**Work to be completed:**
Only the lines of the data holding the string "rewrite" need to be returned.
Available data Block Start
(* Let $\mathbb{F}$ be a field of characteristic different from $2$ and $V$ an $n$-dimensional $\mathbb{F}$-vector space. Let $H\leq V$ be a hyperplane defined by $l_H\in V^*$, and let $G_H\leq \mathrm{GL}(V)$ be a finite group of reflections about $H$ (i.e. a finite group fixing $H$ pointwise). Let $K_H$ be the kernel of $\det$ on $G_H$, let $e_H=|G_H:K_H|$, let $s_H\in G_H$ be a diagonalizable reflection of order $e_H$ (with $s_H=1$ if $e_H=1$), and let $b_H$ be the dimension of the span of the root vectors of the transvections in $K_H$. Let $v_1,\dots,v_n$ be a basis of $V$ such that: $v_1,\dots,v_{n-1}$ is a basis of $H$; $v_1,\dots,v_{b_H}$ are $\mathbb{F}$-independent root vectors (with respect to $l_H$) of transvections in $K_H$; and $v_n\notin H$ is an eigenvector of $s_H$ with $l_H(v_n)=1$. (Such a basis always exists.) Let $z_1,\dots,z_n$ be the dual basis of $V^*$. Then: (1) If $\mu$ is a $K_H$-invariant differential form, written $\mu=\sum_I u_I\,dz_I$ with $u_I\in\mathbb{F}[V]$, and $J$ is an index set with $J\cap\{1,\dots,b_H\}\neq\varnothing$ and $n\notin J$, then $l_H$ divides $u_J$. (2) If moreover $\mu$ is $G_H$-invariant, then $u_J$ is divisible by $l_H^{e_H}$.
   Context: $\mathbb{F}[V]=S(V^* )$; $\Omega^k=\mathbb{F}[V]\otimes\Lambda^k(V^* )$, $\Omega=\bigoplus_k\Omega^k$, with a group $G\le\mathrm{GL}(V)$ acting on $V^*$ by $(gf)(v)=f(g^{-1}v)$ and diagonally on $\Omega$. For an ordered index set $I=\{i_1<\dots<i_m\}\subseteq\{1,\dots,n\}$, $dz_I=dz_{i_1}\wedge\cdots\wedge dz_{i_m}$; every form is uniquely $\sum_I u_I dz_I$. A reflection about $H$ is a finite-order element of $\mathrm{GL}(V)$ with fixed space $H$; it satisfies $s(v)=v+l_H(v)\alpha_s$ for a root vector $\alpha_s\in V$, and it is a transvection if $\alpha_s\in H$, diagonalizable otherwise. *)

From HB Require Import structures.
From mathcomp Require Import all_boot all_order all_algebra.
From mathcomp Require Import mpoly.
Set Implicit Arguments. Unset Strict Implicit. Unset Printing Implicit Defensive.
Import Order.TTheory GRing.Theory Num.Theory.
Local Open Scope ring_scope.

Section Defs.
Variables (F : fieldType) (n : nat).

(* V = 'cV[F]_n (column vectors), GL(V) acts by g *m v.
   A linear form l in V^* is a row vector; its value is lval l v. *)
Definition lval (l : 'rV[F]_n) (v : 'cV[F]_n) : F := (l *m v) 0 0.

Definition root_vector (l : 'rV[F]_n) (g : 'M[F]_n) (a : 'cV[F]_n) : Prop :=
  forall v, g *m v = v + lval l v *: a.

(* g is a diagonalizable reflection about H = ker l (root vector not in H) *)
Definition diag_reflection (l : 'rV[F]_n) (g : 'M[F]_n) : Prop :=
  g != 1%:M /\ exists a, root_vector l g a /\ lval l a != 0.

Definition transvection_root (l : 'rV[F]_n) (K : seq 'M[F]_n) (a : 'cV[F]_n) : Prop :=
  exists2 t, t \in K & [/\ t != 1%:M, root_vector l t a & lval l a = 0].

(* the span of the set of vectors R has dimension d: R contains d linearly
   independent vectors (rows of W, transposed) spanning every element of R. *)
Definition span_dimension (R : 'cV[F]_n -> Prop) (d : nat) : Prop :=
  exists W : 'M[F]_(d, n),
    [/\ row_free W, (forall i, R (row i W)^T) & (forall a, R a -> (a^T <= W)%MS)].

(* Polynomial functions F[V] are {mpoly F[n]}, where 'X_i is the coordinate
   function z_(i+1) of the chosen basis.  If B is the coordinate matrix of
   g^-1 in that basis, then (g f)(c) = f(B c), i.e. 'X_i |-> sum_j B i j 'X_j. *)
Definition lin_subst (B : 'M[F]_n) : n.-tuple {mpoly F[n]} :=
  [tuple \sum_(j < n) B i j *: 'X_j | i < n].

Definition act_poly (B : 'M[F]_n) (p : {mpoly F[n]}) : {mpoly F[n]} :=
  comp_mpoly (lin_subst B) p.

(* the (I,J) wedge_minor of B, rows I and columns J in increasing order;
   0 if #|I| <> #|J|.  It is the coefficient of dz_J in
   (g dz_(i1)) /\ ... /\ (g dz_(im)) where g dz_i = sum_j B i j dz_j. *)
Definition wedge_minor (B : 'M[F]_n) (I J : {set 'I_n}) : F :=
  match #|I| =P #|J| with
  | ReflectT e =>
      \det (\matrix_(a < #|I|, b < #|I|)
              B (enum_val (A := mem I) a) (enum_val (A := mem J) (cast_ord e b)))
  | ReflectF _ => 0
  end.

(* A differential form mu = sum_I u_I dz_I is the function I |-> u_I. *)
Definition diff_form := {set 'I_n} -> {mpoly F[n]}.

Definition act_form (B : 'M[F]_n) (mu : diff_form) : diff_form :=
  fun J => \sum_(I : {set 'I_n}) act_poly B (mu I) * (wedge_minor B I J)%:MP.

Definition coord_inv (P g : 'M[F]_n) : 'M[F]_n := invmx P *m invmx g *m P.

Definition invariant_form (P : 'M[F]_n) (S : seq 'M[F]_n) (mu : diff_form) : Prop :=
  forall g, g \in S -> forall J, act_form (coord_inv P g) mu J = mu J.

Definition lpoly (P : 'M[F]_n) (l : 'rV[F]_n) : {mpoly F[n]} :=
  \sum_(i < n) lval l (col i P) *: 'X_i.

Definition mdvd (p q : {mpoly F[n]}) : Prop := exists r, q = r * p.

End Defs.

From HB Require Import structures.
From mathcomp Require Import all_boot all_order all_algebra perm.
From mathcomp Require Import mpoly.
Set Implicit Arguments. Unset Strict Implicit. Unset Printing Implicit Defensive.
Import Order.TTheory GRing.Theory Num.Theory.
Local Open Scope ring_scope.

(* In the adapted basis l_H is the coordinate z_n.  A transvection t in K_H with
   root vector v_j (j <= b_H) acts by dz_j |-> dz_j - dz_n and fixes the other
   dz_i, while it changes a polynomial only modulo z_n.  If j is in J and n is
   not, comparing the coefficients of dz_J' in mu and t mu, for J' = J - j + n,
   gives +-u_J = u_J' - t u_J', a multiple of z_n.  For G_H, the reflection s_H
   acts diagonally and scales z_n by c^-1 with c of order e_H, so every monomial
   of u_J has z_n-degree 0 or at least e_H, and degree 0 was just excluded. *)

Section Divisibility.
Variables (F : fieldType) (n : nat).
Implicit Types (p q d x y : {mpoly F[n]}).

Lemma mdvd0 d : mdvd d 0.
Proof. by exists 0; rewrite mul0r. Qed.

Lemma mdvdD d p q : mdvd d p -> mdvd d q -> mdvd d (p + q).
Proof. by move=> [r ->] [s ->]; exists (r + s); rewrite mulrDl. Qed.

Lemma mdvdMl d p q : mdvd d p -> mdvd d (q * p).
Proof. by move=> [r ->]; exists (q * r); rewrite mulrA. Qed.

Lemma mdvdZ d c p : mdvd d p -> mdvd d (c *: p).
Proof. by move=> [r ->]; exists (c *: r); rewrite scalerAl. Qed.

Lemma mdvd_sum d (I : Type) (r : seq I) (P : pred I) (f : I -> {mpoly F[n]}) :
  (forall i, P i -> mdvd d (f i)) -> mdvd d (\sum_(i <- r | P i) f i).
Proof. by move=> h; elim/big_ind: _ => //; [apply: mdvd0 | apply: mdvdD]. Qed.

Lemma mdvd_mulB d x1 x2 y1 y2 : mdvd d (x1 - x2) -> mdvd d (y1 - y2) ->
  mdvd d (x1 * y1 - x2 * y2).
Proof.
move=> dx dy; have -> : x1 * y1 - x2 * y2 = x1 * (y1 - y2) + (x1 - x2) * y2.
  by rewrite mulrBr mulrBl addrA subrK.
by apply: mdvdD; [|rewrite mulrC]; apply: mdvdMl.
Qed.

Lemma mdvd_prodB d (I : Type) (r : seq I) (P : pred I) (f g : I -> {mpoly F[n]}) :
  (forall i, P i -> mdvd d (f i - g i)) ->
  mdvd d (\prod_(i <- r | P i) f i - \prod_(i <- r | P i) g i).
Proof.
move=> h; elim/big_ind2: _ => //; last by move=> *; apply: mdvd_mulB.
by rewrite subrr; apply: mdvd0.
Qed.

Lemma mdvd_expB d x y k : mdvd d (x - y) -> mdvd d (x ^+ k - y ^+ k).
Proof.
move=> h; elim: k => [|k ih]; last by rewrite !exprS; apply: mdvd_mulB.
by rewrite !expr0 subrr; apply: mdvd0.
Qed.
Available data Block End
**Response to the task:**
Proof. by exists 0; rewrite mul0r. Qed.
Proof. by move=> [r ->] [s ->]; exists (r + s); rewrite mulrDl. Qed.
Proof. by move=> [r ->]; exists (q * r); rewrite mulrA. Qed.
Proof. by move=> [r ->]; exists (c *: r); rewrite scalerAl. Qed.
  by rewrite mulrBr mulrBl addrA subrK.
by apply: mdvdD; [|rewrite mulrC]; apply: mdvdMl.
by rewrite subrr; apply: mdvd0.
move=> h; elim: k => [|k ih]; last by rewrite !exprS; apply: mdvd_mulB.
by rewrite !expr0 subrr; apply: mdvd0.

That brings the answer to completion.